O entrevistado da Comissão da ANVISA (CTCAF) reconheceu ainda que o grande desafio quanto aos alimentos funcionais é de fato melhorar a fiscalização, de modo a prevenir este e outros problemas. Segundo ele, a regulamentação, embora mais rígida que outros modelos (como o europeu) é adequada e garante a segurança do consumidor. A fiscalização, em contrapartida, ainda não consegue impedir que fabricantes e varejistas propaguem e comercializem alimentos funcionais não regulamentados ou com promessas mentirosas. Segundo o mesmo, certas empresas aproveitam a tendência de alimentos com benefícios para propor produtos milagrosos, sem registro e com promessas ilusórias como o exemplo de

um suco que esteve sendo vendido no interior de São Paulo e que supostamente “cura a caspa”, um problema dermatológico que não poderia ser simplesmente sanado por um alimento. Outro exemplo da necessidade de melhoria da fiscalização foi constatado ao longo da pesquisa. Segundo o entrevistado da Comissão da ANVISA (CTCAF), foi proibido recentemente (novembro de 2011) o uso do Aloe Vera em alimentos devido aos possíveis riscos do uso da planta na alimentação e a falta de estudos a respeito. Contudo, ao longo da observação nos pontos de venda (vide Apêndice F) verificou-se que sucos com este princípio ativo ainda estão sendo comercializados em lojas especializadas em alimentos naturais.

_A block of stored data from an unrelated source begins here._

(* Fix $\alpha\in\mathbb{R}$ and suppose $Q_\alpha$ satisfies assumption (H). Fix $N\ge1$, $n\ge1$, $1\le m\le n$, $x\in\mathsf{X}$ and $\delta\in(0,1)$. Run the particle system with $Q=Q_\alpha$ (and arbitrary initial $\mu$) up to time $2n$ and, conditionally on $\mathcal{F}_{2n}$, let $(\check X_p;p=0,\dots,m)$ be a non-homogeneous Markov chain with $\check X_0=x$ and $\check X_p\sim P^N_{(n+p,2n)}(\check X_{p-1},\cdot)$ for $p\ge1$. Writing $\check{\mathbb{E}}_N$ for expectation under the joint law of the particle system and $(\check X_p)$, \[ \check{\mathbb{E}}_N\left[\mathbb{I}\Big[\sum_{p=1}^mU(\check X_p)>m\delta\Big]\prod_{p=0}^{m-1}\frac{\lambda^N_{n+p}}{G_\alpha(\check X_p)}\cdot\frac{h^N_{n,2n}(\check X_0)}{h^N_{n+m,2n}(\check X_m)}\right]=\pi_m(\delta), \] where $\pi_m(\delta):=\mathbb{P}_x\left(\sum_{p=1}^mU(X_p)>m\delta\right)$ for a Markov chain $(X_p)$ with transition kernel $M$ started at $X_0=x$.
   Context: Setting: $(\mathsf{X},\mathcal{B})$ is a measurable space with countably generated $\sigma$-algebra; $\mathcal{P}$ the probability measures. For a measure $\mu$, kernel $K$, function $\varphi$: $\mu(\varphi)=\int\varphi\,d\mu$, $K(\varphi)(x)=\int K(x,dy)\varphi(y)$, $\mu K(\cdot)=\int\mu(dx)K(x,\cdot)$; $1$ the constant function one. $M$ is a Markov kernel, $U:\mathsf{X}\to[-1,1]$ measurable, $G_\alpha(x):=e^{\alpha U(x)}$ and $Q_\alpha(x,dy):=G_\alpha(x)M(x,dy)$. Assumption (H) for a kernel $Q$: there is a probability measure $\nu$ such that for all $x$, $Q(x,\cdot)$ is equivalent to $\nu$ with density $q(x,x')$ satisfying $\epsilon^-\le q\le\epsilon^+$ for constants $0<\epsilon^-,\epsilon^+<\infty$. With $Q=Q_\alpha$ and $G=G_\alpha$: for $\eta\in\mathcal{P}$, $\Phi(\eta):=\eta Q/\eta Q(1)$. Particle system: fix $N\ge1$, $\mu\in\mathcal{P}$; $\zeta_0^1,\dots,\zeta_0^N$ i.i.d. $\mu$; for $k\ge1$, conditionally on the past, the $\zeta_k^i$ are i.i.d. with law $\Phi(\eta^N_{k-1})$, where $\eta_k^N:=\frac1N\sum_{i=1}^N\delta_{\zeta_k^i}$; $\mathcal{F}_k:=\sigma(\zeta_0,\dots,\zeta_k)$. Define $\lambda_k^N:=\eta_k^N(G)$, $Q_k^N(x,dx'):=\frac{dQ(x,\cdot)}{d\Phi(\eta_{k-1}^N)}(x')\,\eta_k^N(dx')$ for $k\ge1$, $Q^N_{k,k}:=Id$, $Q^N_{p,k}:=Q^N_{p+1}\cdots Q^N_k$ for $p<k$, $h^N_{k,k}:=1$, $h_{p,k}^N(x):=\frac{Q^N_{p,k}(1)(x)}{\eta^N_pQ^N_{p,k}(1)}$ for $0\le p<k$, and for $1\le p\le k$ the random Markov kernel $P^N_{(p,k)}(x,dx'):=\frac{Q^N_p(x,dx')h^N_{p,k}(x')}{\lambda^N_{p-1}h^N_{p-1,k}(x)}$. *)

From HB Require Import structures.
From mathcomp Require Import all_boot all_order all_algebra.
From mathcomp Require Import all_classical all_reals all_analysis.
Set Implicit Arguments. Unset Strict Implicit. Unset Printing Implicit Defensive.
Import Order.TTheory GRing.Theory Num.Theory.
Local Open Scope classical_set_scope.
Local Open Scope ring_scope.
Lemma cycle_walk_half_cons E a t b : cycle (adj E) (a :: t) -> b \in a :: t ->
  exists r, [/\ walk E a r b, 2 * size r <= (size t).+1 & {subset r <= t}].
Proof.
move=> cc bt; pose j := index b (a :: t).
have jt : j <= size t by rewrite -ltnS -[(size t).+1]/(size (a :: t)) index_mem.
have <- : nth a (a :: t) j = b := nth_index a bt.
have [hj|hj] := leqP (2 * j) (size t).+1.
  exists (take j t); split; first exact: cycle_walk_prefix.
    by rewrite size_takel.
  exact: mem_take.
have cc' : cycle (adj E) (a :: rev t).
  rewrite -(rot_cycle 1) rot1_cons -rev_cons rev_cycle /cycle.
  by rewrite (@eq_path _ _ (adj E)) // => ? ?; apply: adjC.
have j_gt0 : 0 < j by lia.
have j't : (size t - j).+1 <= size t by lia.
have -> : nth a (a :: t) j = nth a (a :: rev t) (size t - j).+1.
  rewrite /= nth_rev; last by lia.
  by rewrite -[in LHS](prednK j_gt0) /=; congr nth; lia.
exists (take (size t - j).+1 (rev t)); split.
- by apply: cycle_walk_prefix; rewrite ?size_rev.
- by rewrite size_takel ?size_rev //; lia.
- by move=> z /mem_take; rewrite mem_rev.
Qed.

A idéia do agente governamental visto pelos demais agentes como prejudicial à inovação contrapõe Freeman (2002), que indicava o governo como um agente incentivador da inovação em maior ou menor intensidade. A importância da regulamentação - em especial para alimentos - prevista na literatura, foi confirmada no estudo (COUTINHO; FERRAZ, 1995; RÉVILLION; PADULA, 2008; SALGADO; DE ALMEIDA, 2008). Em contraponto, a Lei da inovação tecnológica (BRASIL, 2010), uma ferramenta governamental brasileira de ação no sistema de inovação, não foi citada pelos entrevistados em nenhuma das respostas, o que pode indicar desconhecimento parcial da legislação que beneficia as empresas e ainda reforçam a falta de relacionamento entre os agentes. Benefícios fiscais como o da lei poderiam fornecer os recursos financeiros necessários para a adequação dos alimentos funcionais aos requisitos da ANVISA, viabilizando inovações que hoje são descartadas por falta de fundos.